>>
(* Let $0<\beta\le1$. For every $\delta>0$ there exists an instance of $1\mid t_j\mid\sum C_j$ with obligatory tests on which $\beta$-SORT satisfies $\mathit{ALG}/\mathit{OPT}\ge\frac12\left(\sqrt{\frac{\beta+4}{\beta}}+1\right)-\delta$. In particular, the competitive ratio of $1$-SORT is at least the golden ratio $\frac{1+\sqrt5}{2}\approx1.618$.
   Context: Scheduling with obligatory tests: jobs $J=\{1,\dots,n\}$ on a single machine; job $j$ has a known test time $t_j\ge0$ and a processing time $p_j\ge0$ revealed only when its test has been executed. The test must be executed before the processing part (which may start any time later); operations are non-preemptive, one at a time. $C_j$ is the completion time of the processing part of $j$; objective $\sum_jC_j$. $\mathit{OPT}$ is the optimal offline objective value (all tests must also be executed); $\mathit{ALG}$ is the algorithm's value. Algorithm $\beta$-SORT (parameter $\beta>0$): maintain a priority queue of available operations, initially containing the test of every job $j$ with priority $\beta t_j$; repeatedly remove a minimum-priority operation and execute it immediately; after executing the test of $j$, insert the processing part of $j$ with priority $p_j$. *)

From Stdlib Require Import Reals List.
Import ListNotations.
Open Scope R_scope.

(* An instance of 1 | t_j | sum C_j with obligatory tests: n jobs 0..n-1,
   test times t j and processing times p j (both >= 0). *)

Inductive op : Type := Test (j : nat) | Proc (j : nat).

Definition dur (t p : nat -> R) (o : op) : R :=
  match o with Test j => t j | Proc j => p j end.

Definition avail (n : nat) (done : list op) (o : op) : Prop :=
  match o with
  | Test j => (j < n)%nat /\ ~ In (Test j) done
  | Proc j => (j < n)%nat /\ In (Test j) done /\ ~ In (Proc j) done
  end.

(* A feasible (idle-free, non-preemptive) schedule: an order of all 2n
   operations in which every test precedes the corresponding processing. *)
Definition feasible_order (n : nat) (s : list op) : Prop :=
  length s = (2 * n)%nat /\
  forall k, (k < length s)%nat -> avail n (firstn k s) (nth k s (Test 0)).

Fixpoint cost_aux (t p : nat -> R) (elapsed : R) (s : list op) : R :=
  match s with
  | [] => 0
  | o :: s' =>
      let e := elapsed + dur t p o in
      (match o with Proc _ => e | Test _ => 0 end) + cost_aux t p e s'
  end.

Definition sumC (t p : nat -> R) (s : list op) : R := cost_aux t p 0 s.

Definition is_OPT (n : nat) (t p : nat -> R) (v : R) : Prop :=
  (exists s, feasible_order n s /\ sumC t p s = v) /\
  (forall s, feasible_order n s -> v <= sumC t p s).

Definition prio (beta : R) (t p : nat -> R) (o : op) : R :=
  match o with Test j => beta * t j | Proc j => p j end.

(* s is an execution of beta-SORT (with some tie-breaking): at each step
   the executed operation is available and of minimum priority among all
   available operations. *)
Definition beta_sort_run (beta : R) (n : nat) (t p : nat -> R) (s : list op)
  : Prop :=
  length s = (2 * n)%nat /\
  forall k, (k < length s)%nat ->
    avail n (firstn k s) (nth k s (Test 0)) /\
    forall o, avail n (firstn k s) o ->
      prio beta t p (nth k s (Test 0)) <= prio beta t p o.

From Stdlib Require Import Reals List Lia Lra Psatz Classical ZArith Sorted Permutation.
Import ListNotations.
Open Scope R_scope.

(* Take [K] long jobs with test time just below [1/beta] and unit processing time, and
   about [(rho - 1) K] short jobs with a free test and processing time just above 1.  The
   perturbations make beta-SORT run all tests, then the long processing parts, and only
   then the short ones, while testing and processing the short jobs first and then each
   long job in turn costs only [x^2/2 + x K + (1/beta + 1) K^2/2 + O(K)] for [x] short
   jobs.  Since [rho^2 - rho = 1/beta], the leading part of [ALG - rho OPT] is
   [-(rho - 1)/2 ((rho - 1) K - x)^2], so [ALG/OPT] tends to [rho] as [K] grows. *)

Definition op_index (o : op) : nat := match o with Test j | Proc j => j end.

Definition all_ops (n : nat) : list op := map Test (seq 0 n) ++ map Proc (seq 0 n).

Lemma in_all_ops n o : In o (all_ops n) <-> (op_index o < n)%nat.
Proof.
  unfold all_ops; rewrite in_app_iff, !in_map_iff.
  destruct o as [j|j]; simpl; split.
  - intros [[i [Hi Hin]]|[i [Hi Hin]]]; try discriminate.
    injection Hi as ->; apply in_seq in Hin; lia.
  - intros Hj; left; exists j; split; [reflexivity|apply in_seq; lia].
  - intros [[i [Hi Hin]]|[i [Hi Hin]]]; try discriminate.
    injection Hi as ->; apply in_seq in Hin; lia.
  - intros Hj; right; exists j; split; [reflexivity|apply in_seq; lia].
Qed.

Lemma length_all_ops n : length (all_ops n) = (2 * n)%nat.
Proof. unfold all_ops; rewrite length_app, !length_map, length_seq; lia. Qed.

Lemma avail_fresh n q o : avail n q o -> ~ In o q /\ In o (all_ops n).
Proof. rewrite in_all_ops; destruct o; simpl; tauto. Qed.

Lemma nth_In_firstn {A} (s : list A) d i k :
  (i < k)%nat -> (i < length s)%nat -> In (nth i s d) (firstn k s).
Proof.
  revert i k; induction s as [|a s IH]; intros i k Hik Hi; simpl in *; [lia|].
  destruct k as [|k]; [lia|]; destruct i as [|i]; simpl; [now left|].
  right; apply IH; lia.
Qed.

Lemma firstn_succ_nth {A} (s : list A) d i :
  (i < length s)%nat -> firstn (S i) s = firstn i s ++ [nth i s d].
Proof.
  revert i; induction s as [|a s IH]; intros i Hi; simpl in *; [lia|].
  destruct i as [|i]; [reflexivity|]; simpl; f_equal; apply IH; lia.
Qed.

Lemma executed_ops_NoDup n s :
  (forall k, (k < length s)%nat -> avail n (firstn k s) (nth k s (Test 0))) ->
  NoDup s /\ incl s (all_ops n).
Proof.
  intros Hav; split.
  - apply (NoDup_nth s (Test 0)); intros i j Hi Hj Hij.
    destruct (Nat.lt_trichotomy i j) as [Hlt|[Heq|Hgt]]; [exfalso| exact Heq|exfalso].
    + apply (avail_fresh _ _ _ (Hav j Hj)); rewrite <- Hij; now apply nth_In_firstn.
    + apply (avail_fresh _ _ _ (Hav i Hi)); rewrite Hij; now apply nth_In_firstn.
  - intros x Hx; destruct (In_nth s x (Test 0) Hx) as [k [Hk <-]].
    exact (proj2 (avail_fresh _ _ _ (Hav k Hk))).
Qed.

Lemma feasible_Permutation_all_ops n s : feasible_order n s -> Permutation s (all_ops n).
Proof.
  intros [Hlen Hav]; destruct (executed_ops_NoDup n s Hav) as [Hnd Hincl].
  apply NoDup_Permutation_bis; [exact Hnd| |exact Hincl].
  rewrite length_all_ops; lia.
Qed.

Lemma beta_sort_run_feasible beta n t p s : beta_sort_run beta n t p s -> feasible_order n s.
Proof. intros [Hlen Hrun]; split; [exact Hlen|]; intros k Hk; apply Hrun, Hk. Qed.

Fixpoint words {A} (alphabet : list A) (L : nat) : list (list A) :=
  match L with
  | O => [[]]
  | S L => flat_map (fun a => map (cons a) (words alphabet L)) alphabet
  end.

Lemma in_words {A} (alphabet s : list A) : incl s alphabet -> In s (words alphabet (length s)).
Proof.
  induction s as [|a s IH]; intros Hs; simpl; [now left|].
  apply in_flat_map; exists a; split; [apply Hs; now left|].
  apply in_map, IH; intros x Hx; apply Hs; now right.
Qed.

Lemma exists_min_on_list {A} (P : A -> Prop) (f : A -> R) l :
  (exists a, In a l /\ P a) ->
  exists a, In a l /\ P a /\ forall b, In b l -> P b -> f a <= f b.
Proof.
  induction l as [|a l IH]; [intros [x [[] _]]|intros Hex].
  destruct (classic (exists x, In x l /\ P x)) as [Hl|Hl].
  - destruct (IH Hl) as [x [Hx [Px Hmin]]].
    destruct (classic (P a /\ f a <= f x)) as [[Pa Hax]|Hax].
    + exists a; split; [now left|split; [exact Pa|]].
      intros y [<-|Hy] Py; [lra|]; specialize (Hmin y Hy Py); lra.
    + exists x; split; [now right|split; [exact Px|]].
      intros y [<-|Hy] Py; [|now apply Hmin].
      apply Rnot_lt_le; intros Hlt; apply Hax; split; [exact Py|lra].
  - destruct Hex as [x [[<-|Hx] Px]]; [|exfalso; eauto].
    exists a; split; [now left|split; [exact Px|]].
    intros y [<-|Hy] Py; [lra|exfalso; eauto].
Qed.

Lemma is_OPT_exists n t p s0 : feasible_order n s0 -> exists v, is_OPT n t p v.
Proof.
  intros Hs0.
  assert (Hwords : forall s, feasible_order n s -> In s (words (all_ops n) (2 * n))).
  { intros s Hs; rewrite <- (proj1 Hs); apply in_words.
    intros x Hx; apply (Permutation_in _ (feasible_Permutation_all_ops n s Hs) Hx). }
  destruct (exists_min_on_list (feasible_order n) (sumC t p) (words (all_ops n) (2 * n)))
    as [s [_ [Hs Hmin]]]; [exists s0; auto|].
  exists (sumC t p s); split; [exists s; auto|].
  intros s' Hs'; apply Hmin; auto.
Qed.

Lemma dur_nonneg t p o : (forall j, 0 <= t j /\ 0 <= p j) -> 0 <= dur t p o.
Proof. intros Htp; destruct o as [j|j]; apply Htp. Qed.

Lemma cost_aux_nonneg t p s e :
  (forall j, 0 <= t j /\ 0 <= p j) -> 0 <= e -> 0 <= cost_aux t p e s.
Proof.
  intros Htp; revert e; induction s as [|o s IH]; intros e He; simpl; [lra|].
  pose proof (dur_nonneg t p o Htp).
  assert (0 <= cost_aux t p (e + dur t p o) s) by (apply IH; lra).
  destruct o; lra.
Qed.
<<
_Try it_
The lines above from the one containing "Fixpoint cost_aux (t" through the one containing "destruct o as [j|j]; simpl; split." are to be set down exactly, and no others.

_Task result_
Fixpoint cost_aux (t p : nat -> R) (elapsed : R) (s : list op) : R :=
  match s with
  | [] => 0
  | o :: s' =>
      let e := elapsed + dur t p o in
      (match o with Proc _ => e | Test _ => 0 end) + cost_aux t p e s'
  end.

Definition sumC (t p : nat -> R) (s : list op) : R := cost_aux t p 0 s.

Definition is_OPT (n : nat) (t p : nat -> R) (v : R) : Prop :=
  (exists s, feasible_order n s /\ sumC t p s = v) /\
  (forall s, feasible_order n s -> v <= sumC t p s).

Definition prio (beta : R) (t p : nat -> R) (o : op) : R :=
  match o with Test j => beta * t j | Proc j => p j end.

(* s is an execution of beta-SORT (with some tie-breaking): at each step
   the executed operation is available and of minimum priority among all
   available operations. *)
Definition beta_sort_run (beta : R) (n : nat) (t p : nat -> R) (s : list op)
  : Prop :=
  length s = (2 * n)%nat /\
  forall k, (k < length s)%nat ->
    avail n (firstn k s) (nth k s (Test 0)) /\
    forall o, avail n (firstn k s) o ->
      prio beta t p (nth k s (Test 0)) <= prio beta t p o.

From Stdlib Require Import Reals List Lia Lra Psatz Classical ZArith Sorted Permutation.
Import ListNotations.
Open Scope R_scope.

(* Take [K] long jobs with test time just below [1/beta] and unit processing time, and
   about [(rho - 1) K] short jobs with a free test and processing time just above 1.  The
   perturbations make beta-SORT run all tests, then the long processing parts, and only
   then the short ones, while testing and processing the short jobs first and then each
   long job in turn costs only [x^2/2 + x K + (1/beta + 1) K^2/2 + O(K)] for [x] short
   jobs.  Since [rho^2 - rho = 1/beta], the leading part of [ALG - rho OPT] is
   [-(rho - 1)/2 ((rho - 1) K - x)^2], so [ALG/OPT] tends to [rho] as [K] grows. *)

Definition op_index (o : op) : nat := match o with Test j | Proc j => j end.

Definition all_ops (n : nat) : list op := map Test (seq 0 n) ++ map Proc (seq 0 n).

Lemma in_all_ops n o : In o (all_ops n) <-> (op_index o < n)%nat.
Proof.
  unfold all_ops; rewrite in_app_iff, !in_map_iff.
  destruct o as [j|j]; simpl; split.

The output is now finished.